Под защитой царя и Коперника высказывались мысли все более смелые.
– Ныне уже вся философия механична стала! – объявил вдруг адмиралтейц-советник Александр Васильевич Кикин. – Верят ныне, что весь мир таков есть в своем величестве, как часы в своей малости, и что все в нем делается чрез движение некое установленное, которое зависит от порядочного учреждения атомов. Единая всюду механика…
– Безумное атейское мудрование! Гнилое и нетвердое основание разума! – ужасался Абрамов, но его не слушали.
Все старались перещеголять друг друга вольномыслием.
– Весьма древний философ Дицеарх писал, что человека существо есть тело, а душа только приключение и одно пустое звание, ничего не значащее, – сообщил вице-канцлер Шафиров.

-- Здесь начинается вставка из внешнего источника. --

(* Let $\kappa$ be a regular cardinal and let $A,B$ be meet-semilattices with $A\subseteq B\subseteq \mathcal{BL} A$, where $A$ is identified with $\{{\downarrow}a:a\in A\}$, $A$ is a sub-meet-semilattice of $B$ and $B$ is a sub-meet-semilattice of $\mathcal{BL} A$. The following are equivalent: (1) $B$ is a $\kappa$-frame; (2) $B$ is a sub-$\kappa$-frame of $\mathcal{BL} A$ (i.e., closed under finite meets and under joins of fewer than $\kappa$ elements computed in $\mathcal{BL} A$); (3) the sub-$\kappa$-frame of $\mathcal{BL} A$ generated by $B$ equals $B$.
   Context: A meet-semilattice is a poset with all finite meets. For $S\subseteq A$ with $\bigvee S$ existing in $A$, the join is distributive if $a\wedge\bigvee S=\bigvee\{a\wedge s:s\in S\}$ for all $a\in A$. A D-ideal is a downset $E$ with $\bigvee S\in E$ whenever $S\subseteq E$ has a distributive join; $\mathcal{BL} A$ is the frame of D-ideals of $A$ ordered by inclusion, into which $A$ embeds via $a\mapsto{\downarrow}a$. For a regular cardinal $\kappa$, a $\kappa$-set is a set of cardinality $<\kappa$ and a $\kappa$-join is a join of a $\kappa$-set. A meet-semilattice is $\kappa$-complete if all $\kappa$-joins exist, $\kappa$JD if every existing $\kappa$-join is distributive, and a $\kappa$-frame if it is both $\kappa$-complete and $\kappa$JD. *)

From mathcomp Require Import all_boot all_order.
Import Order.Theory.
Set Implicit Arguments.
Unset Strict Implicit.

(* cardinal kappa represented by a type K: S is a kappa-set iff |S| < |K|,
   i.e. there is no injection of K into S *)
Definition small {X : Type} (K : Type) (S : X -> Prop) : Prop :=
  ~ exists f : K -> X, injective f /\ forall k, S (f k).

Section Generic.
Variables (X : Type) (P : X -> Prop) (le : X -> X -> Prop).

Definition is_join (S : X -> Prop) (j : X) : Prop :=
  P j /\ (forall s, S s -> le s j) /\
  (forall y, P y -> (forall s, S s -> le s y) -> le j y).

Definition is_meet (S : X -> Prop) (m : X) : Prop :=
  P m /\ (forall s, S s -> le m s) /\
  (forall y, P y -> (forall s, S s -> le y s) -> le y m).

Definition pair2 (a b : X) : X -> Prop := fun x => x = a \/ x = b.

Definition distributive_join (S : X -> Prop) (j : X) : Prop :=
  is_join S j /\
  forall a m, P a -> is_meet (pair2 a j) m ->
    is_join (fun t => exists s, S s /\ is_meet (pair2 a s) t) m.

Definition kappa_complete (K : Type) : Prop :=
  forall S, (forall s, S s -> P s) -> small K S -> exists j, is_join S j.

Definition kappa_JD (K : Type) : Prop :=
  forall S j, (forall s, S s -> P s) -> small K S -> is_join S j ->
    distributive_join S j.

Definition kappa_frame (K : Type) : Prop := kappa_complete K /\ kappa_JD K.

End Generic.

(* K represents an infinite regular cardinal: a union of fewer than kappa
   sets, each of size < kappa, has size < kappa. *)
Definition regular_cardinal (K : Type) : Prop :=
  (exists f : nat -> K, injective f) /\
  forall (I T : Type) (J : I -> Prop) (F : I -> T -> Prop),
    small K J -> (forall i, J i -> small K (F i)) ->
    small K (fun t => exists i, J i /\ F i t).

Section Ideals.
Variables (d : Order.disp_t) (A : tMeetSemilatticeType d).

Definition leA : A -> A -> Prop := fun x y => (x <= y)%O.
Definition allA : A -> Prop := fun _ => True.

Definition down (a : A) : A -> Prop := fun x => (x <= a)%O.

Definition D_ideal (E : A -> Prop) : Prop :=
  (forall x y, (y <= x)%O -> E x -> E y) /\
  (forall S j, (forall s, S s -> E s) -> distributive_join allA leA S j -> E j).

Definition incl (E F : A -> Prop) : Prop := forall x, E x -> F x.

Definition meet_closed (Q : (A -> Prop) -> Prop) : Prop :=
  Q (fun _ => True) /\ (forall E F, Q E -> Q F -> Q (fun x => E x /\ F x)).

Definition sub_kappa_frame (K : Type) (Q : (A -> Prop) -> Prop) : Prop :=
  (forall E, Q E -> D_ideal E) /\ meet_closed Q /\
  (forall S j, (forall E, S E -> Q E) -> small K S ->
     is_join D_ideal incl S j -> Q j).

Definition generated_sub_kappa_frame (K : Type) (B : (A -> Prop) -> Prop)
  : (A -> Prop) -> Prop :=
  fun E => forall Q, sub_kappa_frame K Q -> (forall F, B F -> Q F) -> Q E.

End Ideals.

(* If j is the join of S in B and that join is distributive, then meeting it
   with the principal ideal of any y in j shows that y is the distributive join
   in A of the elements below y lying in some member of S.  Hence j is contained
   in every D-ideal containing S: distributive joins of B are joins of BL A.
   Conversely BL A is a frame, so a B closed under the kappa-joins of BL A
   inherits their distributivity.  Condition (3) is equivalent to (2) formally,
   the generated sub-kappa-frame being the intersection of all sub-kappa-frames
   containing B. *)

From mathcomp Require Import all_boot all_order.
From Stdlib Require Import FunctionalExtensionality PropExtensionality.
Import Order.Theory.
(* Imported after Order.Theory so that [meet_closed] is the notion of Defs. *)
From Pilot Require Import Defs.

Set Implicit Arguments.
Unset Strict Implicit.
Local Open Scope order_scope.

Lemma pred_ext (T : Type) (E F : T -> Prop) : (forall x, E x <-> F x) -> E = F.
Proof.
by move=> EF; apply: functional_extensionality => x; apply: propositional_extensionality.
Qed.

Section JoinsAndMeets.
Variables (X : Type) (P : X -> Prop) (le : X -> X -> Prop).

Lemma eq_is_join (S S' : X -> Prop) j :
  (forall x, S x <-> S' x) -> is_join P le S j -> is_join P le S' j.
Proof.
move=> SS' [Pj [ub lub]]; split=> //; split=> [s /SS'|y Py ubS]; first exact: ub.
by apply: lub => // s /SS'; apply: ubS.
Qed.

Lemma is_join_sub (Q : X -> Prop) S j :
  (forall x, Q x -> P x) -> Q j -> is_join P le S j -> is_join Q le S j.
Proof. by move=> QP Qj [_ [ub lub]]; split=> //; split=> // y /QP; apply: lub. Qed.

Hypothesis le_anti : forall x y, le x y -> le y x -> x = y.

Lemma is_join_unique S j j' : is_join P le S j -> is_join P le S j' -> j = j'.
Proof.
by move=> [Pj [ub lub]] [Pj' [ub' lub']]; apply: le_anti; [apply: lub | apply: lub'].
Qed.

Lemma is_meet_unique S m m' : is_meet P le S m -> is_meet P le S m' -> m = m'.
Proof.
by move=> [Pm [lb glb]] [Pm' [lb' glb']]; apply: le_anti; [apply: glb' | apply: glb].
Qed.

End JoinsAndMeets.

Section DIdeals.
Variables (d : Order.disp_t) (A : tMeetSemilatticeType d).
Implicit Types (E F : A -> Prop) (S : (A -> Prop) -> Prop).
Local Notation allA := (@allA d A).
Local Notation leA := (@leA d A).
Local Notation incl := (@incl d A).
Local Notation D_ideal := (@D_ideal d A).

Lemma incl_anti E F : incl E F -> incl F E -> E = F.
Proof. by move=> EF FE; apply: pred_ext => x; split; [apply: EF | apply: FE]. Qed.
Arguments incl_anti : clear implicits.

Lemma is_meet_incl (Q : (A -> Prop) -> Prop) E F :
  Q E -> incl E F -> is_meet Q incl (pair2 E F) E.
Proof. by move=> QE EF; split=> //; split=> [_ [->|->] // | G _ lbG]; apply: lbG; left. Qed.

Lemma is_meet_setI (Q : (A -> Prop) -> Prop) E F :
  Q (fun x => E x /\ F x) -> is_meet Q incl (pair2 E F) (fun x => E x /\ F x).
Proof.
move=> QEF; split=> //; split=> [_ [->|->] x [] // | G _ lbG x Gx].
by split; [apply: (lbG E) | apply: (lbG F)]; rewrite /pair2; auto.
Qed.

Lemma is_meetP (u v m : A) : is_meet allA leA (pair2 u v) m <-> m = u `&` v.
Proof.
split=> [[_ [lb glb]] | ->].
  apply/le_anti/andP; split.
    by rewrite lexI (lb u (or_introl erefl)) (lb v (or_intror erefl)).
  by apply: glb => // s [->|->]; rewrite /leA ?leIl ?leIr.
split=> //; split=> [s [->|->]|y _ lby]; rewrite /leA ?leIl ?leIr //.
by rewrite lexI (lby u (or_introl erefl)) (lby v (or_intror erefl)).
Qed.

Lemma distributive_joinP (T : A -> Prop) j :
  distributive_join allA leA T j <->
  is_join allA leA T j /\
  forall a, is_join allA leA (fun t => exists2 s, T s & t = a `&` s) (a `&` j).
Proof.
have meets a t : (exists s, T s /\ is_meet allA leA (pair2 a s) t) <->
                 exists2 s, T s & t = a `&` s.
  by split=> [[s [Ts /is_meetP]] | [s Ts /is_meetP]]; exists s.
split=> [[Jj dist] | [Jj dist]]; split=> // a.
  exact: eq_is_join (meets a) (dist a _ I (proj2 (is_meetP _ _ _) erefl)).
move=> m _ /is_meetP ->.
by apply: eq_is_join (dist a) => t; rewrite meets.
Qed.

Lemma D_ideal_le E (x y : A) : D_ideal E -> y <= x -> E x -> E y.
Proof. by case=> + _; apply. Qed.

Lemma D_ideal_bigcap (I : Type) (P : I -> Prop) (F : I -> A -> Prop) :
  (forall i, P i -> D_ideal (F i)) -> D_ideal (fun x => forall i, P i -> F i x).
Proof.
move=> DF; split=> [x y yx Fx i Pi | T j TF Jj i Pi].
  exact: D_ideal_le (DF i Pi) yx (Fx i Pi).
by case: (DF i Pi) => _ join_closed; apply: (join_closed T) => // s /TF; apply.
Qed.

Lemma D_ideal_setT : D_ideal (fun _ : A => True).
Proof. by []. Qed.

Lemma D_ideal_setI E F : D_ideal E -> D_ideal F -> D_ideal (fun x => E x /\ F x).
Proof.
move=> DE DF; split=> [x y yx [Ex Fx] | T j TEF Jj]; split.
- exact: D_ideal_le DE yx Ex.
- exact: D_ideal_le DF yx Fx.
- by case: DE => _ join_closed; apply: (join_closed T) => // s /TEF [].
- by case: DF => _ join_closed; apply: (join_closed T) => // s /TEF [].
Qed.

Lemma D_ideal_preimage_meet E b : D_ideal E -> D_ideal (fun x => E (x `&` b)).
Proof.
move=> DE; split=> [x y yx | T j TE /distributive_joinP [_ dist]].
  by apply: D_ideal_le DE _; apply: leI2.
case: DE => _ join_closed; rewrite meetC.
apply: (join_closed (fun t => exists2 s, T s & t = b `&` s)).
  by move=> _ [s Ts ->]; rewrite meetC; apply: TE.
apply/distributive_joinP; split=> // a; rewrite meetA.
apply: eq_is_join (dist (a `&` b)) => t; split.
  by case=> s Ts ->; exists (b `&` s); [exists s | rewrite meetA].
by case=> _ [s Ts ->] ->; exists s; rewrite ?meetA.
Qed.

Definition bljoin S : A -> Prop :=
  fun x => forall E, D_ideal E /\ (forall s, S s -> incl s E) -> E x.

Lemma is_join_bljoin S : is_join D_ideal incl S (bljoin S).
Proof.
split; first by apply: D_ideal_bigcap => E [].
split=> [s Ss x sx E [_ SE] | E DE SE x]; first exact: SE Ss x sx.
by apply; split.
Qed.

Lemma is_join_bljoin_setI S a : (forall s, S s -> D_ideal s) -> D_ideal a ->
  is_join D_ideal incl (fun t => exists2 s, S s & t = (fun x => a x /\ s x))
    (fun x => a x /\ bljoin S x).
Proof.
move=> DS Da; have [Dj [ubj lubj]] := is_join_bljoin S.
split; first exact: D_ideal_setI.
split=> [_ [s Ss ->] x [ax sx] | y Dy ubS x [ax jx]]; first by split=> //; apply: ubj sx.
have DE : D_ideal (fun x => forall b, a b -> y (x `&` b)).
  by apply: D_ideal_bigcap => b _; apply: D_ideal_preimage_meet.
have jE : incl (bljoin S) (fun x => forall b, a b -> y (x `&` b)).
  apply: lubj => // s Ss z sz b ab.
  apply: (ubS (fun x => a x /\ s x)); first by exists s.
  by split; [apply: D_ideal_le Da _ ab | apply: D_ideal_le (DS s Ss) _ sz];
    rewrite ?leIl ?leIr.
by rewrite -[x]meetxx; apply: jE.
Qed.

Lemma sub_kappa_frame_D_ideal K : sub_kappa_frame K D_ideal.
Proof.
split=> //; split; last by move=> S j _ _ [].
by split=> [|E F]; [exact: D_ideal_setT | exact: D_ideal_setI].
Qed.

Lemma sub_kappa_frame_generated K (B : (A -> Prop) -> Prop) : (forall E, B E -> D_ideal E) ->
  sub_kappa_frame K (generated_sub_kappa_frame K B).
Proof.
move=> BD; split=> [E genE | ]; first exact: genE _ (sub_kappa_frame_D_ideal K) BD.
split; first split.
- by move=> Q [_ [[QT _] _]].
- move=> E F genE genF Q sQ BQ; have [_ [[_ QI] _]] := sQ.
  by apply: QI; [apply: genE | apply: genF].
- move=> S j Sgen smallS Jj Q sQ BQ; have [_ [_ Qjoin]] := sQ.
  by apply: (Qjoin S) => // E /Sgen; apply.
Qed.

Lemma generated_sub_kappa_frame_id K (B : (A -> Prop) -> Prop) :
  sub_kappa_frame K B -> generated_sub_kappa_frame K B = B.
Proof.
by move=> sB; apply: pred_ext => E; split=> [genE | BE Q _ BQ]; [apply: genE | apply: BQ].
Qed.

Section Embedding.
Variable B : (A -> Prop) -> Prop.
Hypotheses (downB : forall a : A, B (down a)) (BD : forall E, B E -> D_ideal E).

Definition below_in S (y : A) : A -> Prop := fun v => v <= y /\ exists2 s, S s & s v.

Section DistributiveJoin.
Variables (S : (A -> Prop) -> Prop) (j : A -> Prop).
Hypotheses (SB : forall s, S s -> B s) (distj : distributive_join B incl S j).

Lemma is_join_below_in y : j y -> is_join allA leA (below_in S y) y.
Proof.
case: distj => [[Bj _] dist] jy.
have yj : incl (down y) j by move=> x xy; apply: D_ideal_le (BD Bj) xy jy.
have [_ [_ lub]] := dist (down y) (down y) (downB y) (is_meet_incl (downB y) yj).
split=> //; split=> [v [] // | z _ ubz].
suff: incl (down y) (down z) by apply; rewrite /down.
apply: lub (downB z) _ => t [s [Ss [_ [lbt _]]]] x tx; apply: ubz; split.
  exact: lbt _ (or_introl erefl) x tx.
by exists s => //; apply: lbt _ (or_intror erefl) x tx.
Qed.

Lemma distributive_join_below_in y : j y -> distributive_join allA leA (below_in S y) y.
Proof.
move=> jy; apply/distributive_joinP; split=> [|a]; first exact: is_join_below_in.
have [[Bj _] _] := distj.
have jay : j (a `&` y) by apply: D_ideal_le (BD Bj) (leIr y a) jy.
apply: eq_is_join (is_join_below_in jay) => t; split.
  case=> ta [s Ss st]; exists t.
    by split; [apply: le_trans ta (leIr y a) | exists s].
  by apply/esym/meet_idPr; apply: le_trans ta (leIl a y).
case=> u [uy [s Ss su]] ->; split; first exact: leI2.
by exists s => //; apply: D_ideal_le (BD (SB Ss)) (leIr _ a) su.
Qed.

Lemma distributive_join_BL : is_join D_ideal incl S j.
Proof.
have [[Bj [ubj _]] _] := distj.
split; first exact: BD; split=> // E DE ubE y jy.
case: DE => _ join_closed; apply: (join_closed (below_in S y)).
  by move=> v [_ [s Ss sv]]; apply: ubE sv.
exact: distributive_join_below_in.
Qed.

End DistributiveJoin.

Hypothesis meetB : meet_closed B.

Lemma kappa_frame_sub_kappa_frame K : kappa_frame B incl K -> sub_kappa_frame K B.
Proof.
move=> [complete JD]; split=> //; split=> // S j SB smallS Jj.
have [j' Jj'] := complete S SB smallS.
have BLj' := distributive_join_BL SB (JD S j' SB smallS Jj').
by rewrite (is_join_unique incl_anti Jj BLj'); case: Jj'.
Qed.

Lemma sub_kappa_frame_kappa_frame K : sub_kappa_frame K B -> kappa_frame B incl K.
Proof.
case=> _ [_ closedB].
have joinB S : (forall s, S s -> B s) -> small K S -> B (bljoin S) /\ is_join B incl S (bljoin S).
  move=> SB smallS; have BJ : B (bljoin S) := closedB S _ SB smallS (is_join_bljoin S).
  by split=> //; apply: is_join_sub BD BJ (is_join_bljoin S).
split=> [S SB smallS | S j SB smallS Jj]; first by exists (bljoin S); case: (joinB S SB smallS).
have [BJ JB] := joinB S SB smallS.
rewrite (is_join_unique incl_anti Jj JB); split=> // a m Ba meet_m.
have meetBI E F : B E -> B F -> is_meet B incl (pair2 E F) (fun x => E x /\ F x).
  by move=> BE BF; apply: is_meet_setI; apply: meetB.2.
rewrite (is_meet_unique incl_anti meet_m (meetBI _ _ Ba BJ)).
have SD s : S s -> D_ideal s by move=> /SB; apply: BD.
apply: eq_is_join (is_join_sub BD _ (is_join_bljoin_setI SD (BD Ba))) => [t|].
  split=> [[s Ss ->] | [s [Ss meet_t]]]; exists s => //.
    by split=> //; apply: meetBI (SB _ Ss).
  by rewrite (is_meet_unique incl_anti meet_t (meetBI _ _ Ba (SB _ Ss))).
exact: meetB.2.
Qed.

End Embedding.

End DIdeals.

Theorem theorem3p7 (K : Type) (hK : regular_cardinal K)
  (d : Order.disp_t) (A : tMeetSemilatticeType d)
  (B : (A -> Prop) -> Prop)
  (hAB : forall a : A, B (down a))
  (hBBL : forall E, B E -> D_ideal E)
  (hBmeet : meet_closed B) :
  (kappa_frame B (@incl d A) K <-> sub_kappa_frame K B) /\
  (sub_kappa_frame K B <-> generated_sub_kappa_frame K B = B).
Proof.
split; split.
- exact: kappa_frame_sub_kappa_frame.
- exact: sub_kappa_frame_kappa_frame.
- exact: generated_sub_kappa_frame_id.
- by move=> genB; rewrite -genB; apply: sub_kappa_frame_generated.
Qed.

– Через микроскопиум усмотрели в семени мужском животных, подобных лягушкам, или головашкам, – ухмыльнулся Юшка Проскуров так злорадно, что вывод был ясен: никакой души нет. По примеру всех парижских щеголей, была и у него своя «маленькая философия», «une petite philosophie», которую излагал он с такою же галантною легкостью, с какою напевал парикмахерскую песенку: «tignonnez, tignonnez, bichonnez moi».
– По Лейбницеву мнению, мы только гидраулические мыслящие махины. Устерц нас глупее…
– Врешь, не глупее тебя! – заметил кто-то, но Юшка продолжал невозмутимо:
– Устерц глупее нас, душу имея прилипшую к раковине, и по сему пять чувств ему ненадобны. А может быть, в иных мирах суть твари о десяти и более чувствах, столь совершеннее нас, что они так же дивятся Невтону и Лейбницу, как мы обезьяньим и пауковым действиям…
Царевич слушал, и ему казалось, что в этой беседе происходит с мыслями то же, что со снегом во время петербургской оттепели: все расползается, тает, тлеет, превращается в слякоть и грязь, под веянием гнилого западного ветра. Сомнение во всем, отрицание всего, без оглядки, без удержу, росло, как вода в Неве, прегражденной ветром и грозящей наводнением.